There are, nevertheless legitimate questions to be asked about how decisions to prosecute cases of this sort should be taken.
According to the CPS Code for Prosecutors no prosecution should take place unless there is a “realistic prospect of conviction.” If there is no such prospect “the case must not proceed no matter how serious or sensitive it may be”. Quite right too.
But one person’s“realistic prospect of conviction” is another person’s hopeless case. According to the CPS “a realistic prospect of conviction” means the situation in which “an objective impartial and reasonable jury … is more likely than not to convict the defendant.” On the face of it this seems clear enough: if the chances are that a jury will not convict, the case should not be pursued. The CPS has access to plenty of experienced lawyers. They not only know the law very well, they will also have a “gut instinct” for what a jury is likely to believe.

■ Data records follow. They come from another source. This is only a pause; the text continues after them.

Lemma Ppoly_tridiag (R : comNzRingType) l (mu : R) : Ppoly l mu =
  \det (tridiag l (fun i => 'X + (- (i * (l - i))%:R)%:P) (fun i => (mu * i.+1%:R)%:P)
                  (fun j => (mu * (l - j.+1)%:R)%:P)).
Proof.
congr (\det _); apply/matrixP => i j; rewrite !mxE.
case: (eqVneq i j) => [<-|ij]; first by rewrite !eqxx mulr1n.
have ji : (j == i :> nat) = false by apply/eqP => /val_inj ji; rewrite ji eqxx in ij.
by rewrite ji mulr0n add0r; case: eqP => // _; case: eqP => // ->.
Qed.

Lemma Ppoly_real_rooted (R : rcfType) l (mu : R) : 0 < mu ->
  exists2 s, sorted <%R s & size s = l /\ Ppoly l mu = poly_of_roots s.
Proof.
move=> mu_gt0; rewrite Ppoly_tridiag.
pose q k := \det (tridiag k (fun i => 'X + (- (i * (l - i))%:R)%:P)
  (fun i => (mu * i.+1%:R)%:P) (fun j => (mu * (l - j.+1)%:R)%:P)).
apply: (three_term_recurrence_roots (q := q) (a := fun i => - (i * (l - i))%:R)
  (b := fun k => mu * k.+1%:R * (mu * (l - k.+1)%:R))).
- exact: det_mx00.
- by rewrite /q det_mx11 mxE.
- by move=> k _; rewrite /q det_tridiagSS -!polyCM.
- by move=> k kl; rewrite !mulr_gt0 // ltr0n subn_gt0.
Qed.

Lemma rootsR_Ppoly (R : rcfType) l (mu : R) : 0 < mu ->
  [/\ sorted <%R (rootsR (Ppoly l mu)), size (rootsR (Ppoly l mu)) = l &
      Ppoly l mu = poly_of_roots (rootsR (Ppoly l mu))].
Proof.
move=> mu_gt0; have [s ss [sz ->]] := Ppoly_real_rooted l mu_gt0.
by rewrite rootsR_poly_of_roots.
Qed.

Lemma map_Ppoly (R S : comNzRingType) (f : {rmorphism R -> S}) l (mu : R) :
  map_poly f (Ppoly l mu) = Ppoly l (f mu).
Proof.
rewrite /Ppoly -det_map_mx; congr (\det _); apply/matrixP => i j.
rewrite !mxE rmorphD rmorphMn /= map_polyX map_polyC /=.
by do 3 (case: ifP => _; rewrite ?rmorphN ?rmorphM ?rmorph_nat ?rmorph0 //).
Qed.

Lemma Pl_Ppoly (R : comNzRingType) l (lam mu : R) : Pl l lam mu = (Ppoly l mu).[lam].
Proof.
rewrite /Pl /Ppoly -horner_evalE -det_map_mx; congr (\det _); apply/matrixP => i j.
by rewrite !mxE rmorphD rmorphMn /= horner_evalE hornerX horner_evalE hornerC addrC.
Qed.

Lemma horner2_map (R : comNzRingType) (u : {poly {poly R}}) (x y : R) :
  u.[x, y] = (map_poly (horner_eval y) u).[x].
Proof. by rewrite -[in RHS](hornerC x y) -horner_evalE horner_map. Qed.

Lemma horner2_Ppoly (R : comNzRingType) l (lam mu : R) :
  (Ppoly l 'X).[lam, mu] = (Ppoly l mu).[lam].
Proof. by rewrite horner2_map map_Ppoly /= horner_evalE hornerX. Qed.

Lemma horner2_deriv_Ppoly (R : comNzRingType) l (lam mu : R) :
  (Ppoly l 'X)^`().[lam, mu] = (Ppoly l mu)^`().[lam].
Proof. by rewrite horner2_map -deriv_map map_Ppoly /= horner_evalE hornerX. Qed.

(** * Continuity of simple real roots *)

(* Each root of [p y0] is enclosed in a box [(s y0)_j -+ d] across which [p y0]
   changes sign; the sign changes persist for [y] near [y0], and then the
   [j]-th root of [p y] must lie in the [j]-th box. *)
Lemma continuous_nth_root (R : realType) (p : R -> {poly R}) (s : R -> seq R) n y0 i :
  (forall x, {for y0, continuous (fun y => (p y).[x])}) ->
  (\forall y \near y0, [/\ sorted <%R (s y), size (s y) = n & p y = poly_of_roots (s y)]) ->
  (i < n)%N -> {for y0, continuous (fun y => (s y)`_i)}.
Proof.
move=> p_cont near_s i_n; have [ss0 sz0 ps0] := nbhs_singleton near_s.
apply/cvgrPdist_lt => e e_gt0; have [d [d_gt0 d_le gap]] := sorted_gap e_gt0 ss0.
pose box_sign j y := (p y).[(s y0)`_j - d] * (p y).[(s y0)`_j + d].
have signs : \forall y \near y0, forall j : 'I_n, box_sign j y < 0.
  have := @filter_forall _ 'I_n (fun j y => box_sign j y < 0) (nbhs y0) _; apply => j.
  apply: cvgr_lt (cvgM (p_cont _) (p_cont _)) _ _.
  by rewrite ps0 poly_of_roots_box_sign // sz0.
near=> y.
have [ss sz ps] : [/\ sorted <%R (s y), size (s y) = n & p y = poly_of_roots (s y)].
  by near: y.
have sgn : forall j : 'I_n, box_sign j y < 0 by near: y.
have /andP[lo hi] : (s y0)`_i - d < (s y)`_i < (s y0)`_i + d.
  apply: (poly_of_roots_in_boxes (lo := fun j => (s y0)`_j - d)
                                 (hi := fun j => (s y0)`_j + d)); rewrite ?sz //.
  - move=> j jn; split; first by lra.
    by rewrite -ps; apply: (sgn (Ordinal jn)).
  - by move=> j jn; rewrite ltW // gap ?sz0.
rewrite ltr_distlC; apply/andP; split.
  by apply: le_lt_trans lo; rewrite lerD2l lerN2.
by apply: lt_le_trans hi _; rewrite lerD2l.
Unshelve. all: by end_near.
Qed.

(** * Implicit differentiation of a simple root *)

Section Bivariate.
Variable R : realType.
Implicit Types (u v : {poly {poly R}}) (c : {poly R}) (x y : R).

Definition derivY u : {poly {poly R}} := map_poly deriv u.

Lemma horner2_MXaddC u c x y : (u * 'X + c%:P).[x, y] = u.[x, y] * x + c.[y].
Proof. by rewrite hornerMXaddC hornerD hornerM !hornerC. Qed.

Lemma derivY_MXaddC u c : derivY (u * 'X + c%:P) = derivY u * 'X + (c^`())%:P.
Proof.
apply/polyP => -[|i]; rewrite /derivY coef_map !coefD !coefMX !coefC /=.
  by rewrite !add0r.
by rewrite !addr0 coef_map.
Qed.

Lemma cvg_horner2 u {T} (F : set_system T) {FF : Filter F} (xt yt : T -> R) x y :
  xt @ F --> x -> yt @ F --> y -> (fun t => u.[xt t, yt t]) @ F --> u.[x, y].
Proof.
move=> xtx yty; elim/poly_ind: u => [|u c IH].
  by rewrite !horner0; under eq_fun do rewrite !horner0; exact: cvg_cst.
rewrite horner2_MXaddC; under eq_fun do rewrite horner2_MXaddC.
apply: cvgD; first exact: cvgM.
by apply: continuous_cvg yty; exact: continuous_horner.
Qed.

Lemma is_derive_horner2 u (g : R -> R) y dg : is_derive y 1 g dg ->
  is_derive y 1 (fun z => u.[g z, z]) (u^`().[g y, y] * dg + (derivY u).[g y, y]).
Proof.
move=> gy; elim/poly_ind: u => [|u c IH].
  rewrite deriv0 /derivY map_poly0 !horner0 mul0r addr0.
  by under eq_fun do rewrite !horner0; exact: is_derive_cst.
under eq_fun do rewrite horner2_MXaddC.
rewrite derivMXaddC derivY_MXaddC hornerD hornerM horner2_MXaddC hornerX.
apply: is_derive_eq (is_deriveD (is_deriveM IH gy) (is_derive_poly c y)) _.
by rewrite hornerD hornerM hornerC /GRing.scale /=; ring.
Qed.

Lemma horner2_factor u x0 : exists v,
  (forall x y, u.[x, y] = u.[x0, y] + (x - x0) * v.[x, y]) /\
  (forall y, v.[x0, y] = u^`().[x0, y]).
Proof.
have : root (u - (u.[x0%:P])%:P) x0%:P by rewrite rootE hornerD hornerN hornerC subrr.
case/factor_theorem => v uv; exists v; split => [x y|y].
- have := congr1 (fun p => p.[x, y]) uv; rewrite /= !hornerE => e.
  by rewrite mulrC -e addrC subrK.
- have := congr1 (fun p => p^`().[x0, y]) uv.
  by rewrite /= derivB derivC subr0 derivM derivXsubC mulr1 !hornerE subrr mulr0 add0r.
Qed.

End Bivariate.

Lemma is_derive1_quotientP (R : realType) (f : R -> R) (x l : R) :
  is_derive x 1 f l <-> (fun h => h^-1 * (f (h + x) - f x)) @ 0^' --> l.
Proof.
have -> : (fun h => h^-1 * (f (h + x) - f x)) =
          (fun h => h^-1 *: ((f \o shift x) (h *: 1) - f x)).
  by apply/funext => h; rewrite /= [h *: 1]mulr1.
split=> [[df <-]|fl]; first exact: df.
by apply: DeriveDef; [apply/cvg_ex; exists l | exact: cvg_lim].
Qed.

(* The quotient rule for [a * c^-k], where [a' = aX f' + aY], [c' = cX f' + cY]
   and [f' = - uY / c]. *)
Lemma deriv_implicit_term_identity (R : fieldType) (k : nat) (c a aX aY cX cY uY : R) :
  c != 0 ->
  a * ((k%:R * c^-1 ^+ k.-1) * (- c ^- 2 * (cX * (- uY / c) + cY))) +
  c^-1 ^+ k * (aX * (- uY / c) + aY) =
  ((aY * c - aX * uY) * c - a * (cY * c - cX * uY) *+ k) * c^-1 ^+ k.+2.
Proof.
move=> c0; case: k => [|k] /=; first by rewrite mulr0n !mul0r mulr0 subr0 add0r; field.
by rewrite !exprS; field.
Qed.

Section ImplicitFunction.
Variables (R : realType) (u : {poly {poly R}}) (D : set R) (f : R -> R).
Hypotheses (D_open : open D) (f_cont : forall y, D y -> {for y, continuous f})
  (f_root : forall y, D y -> u.[f y, y] = 0)
  (f_simple : forall y, D y -> u^`().[f y, y] != 0).

Let near_D y : D y -> \forall z \near y, D z.
Proof. by move=> Dy; apply: open_nbhs_nbhs. Qed.
Lemma perm_removeM s t t' : [disjoint supp t & supp t'] ->
  (s \rm t) \rm t' = s \rm (t' * t).
Proof.
move=> tt'; rewrite -(commute_disjoint_supp tt'); symmetry.
apply: eq_perm_remove; rewrite ?mulgA supp_mul_disjoint // setCU.
  exact: perm_remove2_on.
exact: perm_remove2_first_return.
Qed.

Lemma bowtie_false pi s x : (pi \bowtie s) (false, x) = (true, s x).
Proof. by rewrite permE. Qed.

Lemma bowtie_true pi s x : (pi \bowtie s) (true, x) = (false, pi x).
Proof. by rewrite permE. Qed.

Lemma bowtie_excursion s t t' z y : [disjoint supp t & supp t'] ->
  excursion (s * t) (~: supp t) z y -> y \notin supp t ->
  excursion ((t * t') \bowtie s) [pred x | x.2 \notin supp t] (false, z) (true, y).
Proof.
move=> tt'; elim=> [{}z | {}z {}y tsz _ IH] yt.
  have szt : s z \notin supp t by rewrite -(perm_closed _ (perm_on_supp t)) -permM.
  rewrite permM (out_perm (perm_on_supp t) szt) -(bowtie_false (t * t')).
  exact: excursion1.
rewrite in_setC negbK permM in tsz.
have szt : s z \in supp t by rewrite -(perm_closed _ (perm_on_supp t)).
apply: excursionS; rewrite bowtie_false; first by rewrite /= negbK.
have tsz_fixed : t' (t (s z)) = t (s z).
  by rewrite (out_perm (perm_on_disjoint tt')) // in_setC negbK.
apply: excursionS; rewrite bowtie_true permM tsz_fixed; first by rewrite /= negbK.
by rewrite -permM; apply: IH.
Qed.
(* Suppose w lies outside N[u*] and d(w) = 1, with neighbour v.  If v has no other
   neighbour, wv is an isolated edge and the eigen-equations at w and v force
   rho^2 = 1, whereas rho > 1 because the star K_{1,m} is admissible.  Otherwise
   rotate the edge wv to wu*.  The new graph is still admissible: the number of edges
   is unchanged, v keeps a neighbour, and w remains a leaf while every vertex of
   H(4,3) has degree 2.  Its Rayleigh quotient at x is rho + 2 x_w (x_u* - x_v) >= rho,
   so by extremality x is an eigenvector for rho of the new adjacency matrix; but its
   equation at v has lost the term x_w > 0. *)

From HB Require Import structures.
From mathcomp Require Import all_boot all_order all_algebra.
From mathcomp Require Import reals.
From mathcomp Require Import ring lra.
From mathcomp Require Import complex spectral sesquilinear.
Import Order.TTheory GRing.Theory Num.Theory.

Set Implicit Arguments. Unset Strict Implicit. Unset Printing Implicit Defensive.
Local Open Scope ring_scope.

(** * The Rayleigh principle for real symmetric matrices *)

Lemma quad_ge0_lin0 (R : realFieldType) (a c : R) :
  0 <= c -> (forall t, 0 <= t * a + t ^+ 2 * c) -> a = 0.
Proof.
move=> c_ge0 ge0; pose k := (c + 1)^-1.
have k_gt0 : 0 < k by rewrite invr_gt0 ltr_wpDl.
have kc : k * (c + 1) = 1 by rewrite mulVf // lt0r_neq0 // ltr_wpDl.
have := ge0 (- (a * k)).
have -> : - (a * k) * a + (- (a * k)) ^+ 2 * c =
          a ^+ 2 * k * (k * (c + 1) - 1) - (a * k) ^+ 2 by ring.
rewrite kc subrr mulr0 add0r oppr_ge0 => ak_le0.
have : (a * k) ^+ 2 == 0 by rewrite eq_le ak_le0 sqr_ge0.
by rewrite sqrf_eq0 mulf_eq0 (gt_eqF k_gt0) orbF => /eqP.
Qed.

Section QuadraticForms.
Variables (R : realFieldType) (n : nat).
Implicit Types (A N : 'M[R]_n) (x y z : 'rV[R]_n).

Definition qform A y : R := (y *m A *m y^T) 0 0.
Definition sqnorm y : R := (y *m y^T) 0 0.

Lemma sqnormE y : sqnorm y = \sum_i y 0 i ^+ 2.
Proof. by rewrite /sqnorm mxE; apply: eq_bigr => i _; rewrite mxE expr2. Qed.

Lemma sqnorm_gt0 y : y != 0 -> 0 < sqnorm y.
Proof.
move=> y_neq0; have sq_ge0 i : true -> 0 <= y 0 i ^+ 2 by move=> _; exact: sqr_ge0.
rewrite lt_def sqnormE sumr_ge0 // andbT; apply: contra y_neq0 => /eqP y0.
apply/eqP/rowP => i; have /eqP := psumr_eq0P sq_ge0 y0 (i := i) isT.
by rewrite sqrf_eq0 mxE => /eqP.
Qed.

Lemma qformD A N y : qform (A + N) y = qform A y + qform N y.
Proof. by rewrite /qform mulmxDr mulmxDl !mxE. Qed.

Lemma qformB A N y : qform (A - N) y = qform A y - qform N y.
Proof. by rewrite /qform mulmxBr mulmxBl !mxE. Qed.

Lemma qform_scalar (r : R) y : qform r%:M y = r * sqnorm y.
Proof. by rewrite /qform /sqnorm mul_mx_scalar -scalemxAl mxE. Qed.

Lemma qform_eigen A (r : R) y : y *m A = r *: y -> qform A y = r * sqnorm y.
Proof. by move=> yA; rewrite /qform yA -scalemxAl mxE. Qed.

Lemma bilin_sym N y z : N^T = N -> (y *m N *m z^T) 0 0 = (z *m N *m y^T) 0 0.
Proof.
move=> NT; transitivity ((y *m N *m z^T)^T 0 0); first by rewrite [RHS]mxE.
by rewrite !trmx_mul trmxK NT mulmxA.
Qed.

Lemma qformDZ N y z (t : R) : N^T = N ->
  qform N (y + t *: z) = qform N y + t * (2 * (y *m N *m z^T) 0 0) + t ^+ 2 * qform N z.
Proof.
move=> NT; rewrite /qform linearD /= linearZ /= !mulmxDl !mulmxDr -!scalemxAl -!scalemxAr.
have -> : z *m N *m y^T = y *m N *m z^T.
  by rewrite [LHS]mx11_scalar [RHS]mx11_scalar bilin_sym.
by rewrite !mxE; ring.
Qed.

Lemma psd_qform_eq0 N x : N^T = N -> (forall y, 0 <= qform N y) ->
  qform N x = 0 -> x *m N = 0.
Proof.
move=> NT N_psd x0; set b := x *m N.
have /eqP : 2 * sqnorm b = 0.
  apply: (quad_ge0_lin0 (N_psd b)) => t.
  by have := N_psd (x + t *: b); rewrite qformDZ // x0 add0r.
rewrite mulf_eq0 pnatr_eq0 /=; apply: contraTeq => b_neq0.
exact: lt0r_neq0 (sqnorm_gt0 b_neq0).
Qed.

Lemma rayleigh_max_eigen A (r : R) x : A^T = A ->
  (forall y, qform A y <= r * sqnorm y) -> qform A x = r * sqnorm x -> x *m A = r *: x.
Proof.
move=> AT A_le x_eq; apply/esym/eqP.
rewrite -subr_eq0 -mul_mx_scalar -mulmxBr; apply/eqP.
apply: psd_qform_eq0; first by rewrite linearB /= tr_scalar_mx AT.
  by move=> y; rewrite qformB qform_scalar subr_ge0.
by rewrite qformB qform_scalar x_eq subrr.
Qed.
End QuadraticForms.

Section SpectralDecomposition.
Local Open Scope sesquilinear_scope.
Variables (C : numClosedFieldType) (n : nat) (A P : 'M[C]_n) (d : 'rV[C]_n).
Hypotheses (P_unitary : P \is unitarymx) (A_diag : A = invmx P *m diag_mx d *m P).

Lemma spectral_row_eigen k : row k P *m A = d 0 k *: row k P.
Proof.
have P_unit := unitarymx_unit P_unitary.
rewrite A_diag -row_mul !mulmxA mulmxV // mul1mx row_mul row_diag_mx.
by rewrite -scalemxAl -rowE.
Qed.

Lemma spectral_row_neq0 k : row k P != 0.
Proof.
apply: contraTneq isT => Pk0.
have : row k P *m invmx P = 0 by rewrite Pk0 mul0mx.
rewrite -row_mul mulmxV ?unitarymx_unit // row1 => /rowP /(_ k).
by rewrite !mxE !eqxx /= => /eqP; rewrite oner_eq0.
Qed.

Lemma spectral_form_le (r : C) (y : 'rV[C]_n) : (forall i, d 0 i <= r) ->
  (y *m A *m y ^t*) 0 0 <= r * (y *m y ^t*) 0 0.
Proof.
move=> d_le; pose z := y *m P ^t*.
have zT : z ^t* = P *m y ^t* by rewrite /z trmx_mul map_mxM trmxCK.
have -> : y *m A *m y ^t* = z *m diag_mx d *m z ^t*.
  by rewrite zT A_diag invmx_unitary // /z !mulmxA.
have -> : y *m y ^t* = z *m z ^t* by rewrite zT /z !mulmxA mulmxKtV.
rewrite !mxE mulr_sumr; apply: ler_sum => i _.
rewrite mul_mx_diag !mxE -mulrA (mulrCA _ (d 0 i)).
by apply: ler_wpM2r; [exact: mul_conjC_ge0 | exact: d_le].
Qed.

End SpectralDecomposition.

Section RealSymmetric.
Local Open Scope complex_scope.

Lemma symmetric_eigen_rayleigh (R : rcfType) n (A : 'M[R]_n) : (0 < n)%N -> A^T = A ->
  exists r, eigenvalue A r /\ forall y, qform A y <= r * sqnorm y.
Proof.
move=> n_gt0 AT; pose Ac := map_mx (real_complex R) A.
have Ac_sym : Ac \is symmetricmx.
  apply/is_hermitianmxP; rewrite expr0 scale1r.
  by apply/matrixP=> i j; rewrite !mxE -[in RHS]AT mxE.
have Ac_real : Ac \is a realmx.
  by apply/mxOverP=> i j; rewrite mxE; apply/complex_realP; eexists.
have /orthomx_spectralP Ac_diag := symmetric_normalmx Ac_sym Ac_real.
have P_unitary := spectral_unitarymx Ac.
have /mxOverP d_real := hermitian_spectral_diag_real (realsym_hermsym Ac_sym Ac_real).
move: Ac_diag P_unitary d_real; set P := spectralmx Ac; set d := spectral_diag Ac.
move=> Ac_diag P_unitary d_real; pose dr i := complex.Re (d 0 i).
have dE i : d 0 i = (dr i)%:C by rewrite RRe_real.
have [k _ k_max] := @arg_maxP _ R 'I_n (Ordinal n_gt0) xpredT dr isT.
exists (dr k); split.
  rewrite eigenvalue_root_char -(fmorph_root (real_complex R)) map_char_poly.
  rewrite -eigenvalue_root_char; apply/eigenvalueP; exists (row k P).
    by rewrite (spectral_row_eigen P_unitary Ac_diag) dE.
  exact: spectral_row_neq0.
move=> y; pose yc := map_mx (real_complex R) y.
have ycT : (yc ^t*)%sesqui = map_mx (real_complex R) y^T.
  by apply/matrixP=> i j; rewrite !mxE; exact: conjc_real.
rewrite -lecR rmorphM /=.
have -> : (qform A y)%:C = (yc *m Ac *m (yc ^t*)%sesqui) 0 0.
  by rewrite ycT -!map_mxM mxE.
have -> : (sqnorm y)%:C = (yc *m (yc ^t*)%sesqui) 0 0.
  by rewrite ycT -!map_mxM mxE.
by apply: (spectral_form_le P_unitary Ac_diag) => i; rewrite !dE lecR; exact: k_max.
Qed.
(* Write a line as n . p = k.  A line l through M has M as the midpoint of its
   intersections with L1 and L2 iff
     (n1 . M - k1) (n2 . d) + (n2 . M - k2) (n1 . d) = 0
   for a direction vector d of l (this is mid_defect).  The left-hand side is linear in
   d, so if two distinct lines through M satisfy it, the vector
   (n1 . M - k1) n2 + (n2 . M - k2) n1 vanishes: either M lies on both L1 and L2, or L1
   and L2 are parallel and M lies on their midline.  As the sides of Q are not
   concurrent, at least one pair of opposite sides is of the second kind, and in each
   case the point reflection in M pairs off the vertices of Q: they are the vertices of
   a parallelogram with centre M, which is then their centroid.  Conversely, the centre
   of a parallelogram with the same vertices pairs off the (necessarily distinct)
   vertices of Q in one of three ways, and each pairing exhibits two bisectors through
   the centre: the two midlines of Q, or a pair of opposite sides of Q. *)

From mathcomp Require Import all_boot all_algebra ring.
From Stdlib Require Import Classical.
Set Implicit Arguments. Unset Strict Implicit. Unset Printing Implicit Defensive.
Import GRing.Theory.
Local Open Scope ring_scope.

Lemma involution_matchings (T : eqType) (s : T -> T) (x1 x2 x3 x4 : T) :
  involutive s -> uniq [:: x1; x2; x3; x4] ->
  {in [:: x1; x2; x3; x4], forall x, s x \in [:: x1; x2; x3; x4] /\ s x != x} ->
  [\/ s x1 = x3 /\ s x2 = x4, s x1 = x4 /\ s x2 = x3 | s x1 = x2 /\ s x4 = x3].
Proof.
move=> sK; rewrite /= !inE !negb_or -!andbA.
move=> /and4P[/eqP d12 /eqP d13 /eqP d14 /and4P[/eqP d23 /eqP d24 /eqP d34 _]] hs.
have /and4P[in1 in2 _ /andP[in4 _]] := allss [:: x1; x2; x3; x4].
have [m1 /eqP n1] := hs x1 in1; have [m2 /eqP n2] := hs x2 in2; have [m4 /eqP n4] := hs x4 in4.
have k1 := sK x1; have k2 := sK x2; have k3 := sK x3; have k4 := sK x4.
move: m1 m2 m4; rewrite !inE.
by case/or4P => /eqP e1; case/or4P => /eqP e2; case/or4P => /eqP e4;
  first [by constructor 1 | by constructor 2 | by constructor 3 | exfalso; congruence].
Qed.

Section Plane.
Variable K : fieldType.
Hypothesis two_neq0 : (2 : K) != 0.
Local Notation point := (point K).
Local Notation line := (line K).
Local Notation quad := (quad K).
Local Notation par := (@parallel K).

(** * Lines in normal form *)

Definition nx (l : line) : K := if ldir l is DSlope m then - m else 1.
Definition ny (l : line) : K := if ldir l is DSlope _ then 1 else 0.
Definition leval (l : line) (p : point) : K := nx l * p.1 + ny l * p.2 - lcst l.
Definition ldet (l m : line) : K := nx l * ny m - ny l * nx m.

Lemma point_eq (p q : point) : p.1 = q.1 -> p.2 = q.2 -> p = q.
Proof. by case: p q => [a b] [c d] /= -> ->. Qed.

Lemma onE (l : line) (p : point) : on l p <-> leval l p = 0.
Proof.
rewrite /on /leval /nx /ny; case: (ldir l) => [m|]; split => [->|/eqP].
- by ring.
- by rewrite subr_eq0 => /eqP <-; ring.
- by ring.
- by rewrite subr_eq0 => /eqP <-; ring.
Qed.

Lemma parallelE (l m : line) : par l m <-> ldet l m = 0.
Proof.
rewrite /parallel /ldet /nx /ny.
case: (ldir l) => [a|]; case: (ldir m) => [b|]; split => //.
- by case=> ->; ring.
- by move=> /eqP; rewrite mulr1 mul1r opprK addrC subr_eq0 => /eqP ->.
- by move=> /eqP; rewrite mulr0 mul1r sub0r oppr_eq0 oner_eq0.
- by move=> /eqP; rewrite mul1r mul0r subr0 oner_eq0.
- by move=> _; ring.
Qed.

Lemma par_sym (l m : line) : par l m -> par m l. Proof. by rewrite /parallel => ->. Qed.
Lemma par_trans (l m k : line) : par l m -> par m k -> par l k.
Proof. by rewrite /parallel => ->. Qed.
Lemma npar_sym (l m : line) : ~ par l m -> ~ par m l. Proof. by move=> h /par_sym. Qed.
Lemma npar_neq (l m : line) : ~ par l m -> l <> m. Proof. by move=> h e; apply: h; rewrite e. Qed.

Lemma normal_par (l m : line) : par l m -> nx l = nx m /\ ny l = ny m.
Proof. by rewrite /parallel /nx /ny => ->. Qed.

Lemma normal_neq0 (l : line) (e : K) : e * nx l = 0 -> e * ny l = 0 -> e = 0.
Proof. by rewrite /nx /ny; case: (ldir l) => [m|] h1 h2; [move: h2|move: h1]; rewrite mulr1. Qed.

In fact, however, matters are not so simple. The CPS has made it clear that it does not believe in what it calls a “bookmaker’s” approach to applying this test. The key lies in the phrase “an objective impartial and reasonable jury.” Prosecutors are told not to try to guess the result as a bookmaker might, and to ignore their own views as to what a real jury would do. Instead, as Alison Saunders, the DPP in waiting, put it last year:
“… even though past experience might tell a prosecutor that juries can be unwilling to convict in cases where, for example, there has been a lengthy delay in reporting the offence … [that sort of] prejudice against complainants should be ignored for the purposes of deciding whether or not there is a realistic prospect of conviction. In other words the prosecutor should proceed on the basis of a notional jury which is wholly unaffected by any myths or stereotypes of the type which, sadly, still have a degree of prevalence in some quarters.”
Now, according to Ms Saunders: “instead of asking what is the likelihood of conviction we should ask ourselves, what would be the merits of a prosecution.”
The result is that prosecutions can be brought even when everyone involved expects them to fail. It exposes the CPS to criticism for making decisions on grounds that have more to do with social engineering than with law.
In Mr Le Vell’s case one of the features of the evidence was the delay by the complainant in reporting her complaints. The CPS regards the view that “if she didn’t complain immediately it wasn’t rape” as one of 10 “societal myths” about rape. For this reason Alison Levitt QC, who authorised the prosecution, is unlikely to have given it much weight when making her decision. For all we know she might have expected the prosecution to fail for that reason, yet still have felt that there was a realistic chance of a conviction with a “notional” jury.
Whatever criticisms may be made of individual decisions, the statistics do not suggest that the CPS is routinely bringing hopeless cases to court. A 2010 Home Office study found that juries actually convict slightly more readily of rape than of other cases of serious violence.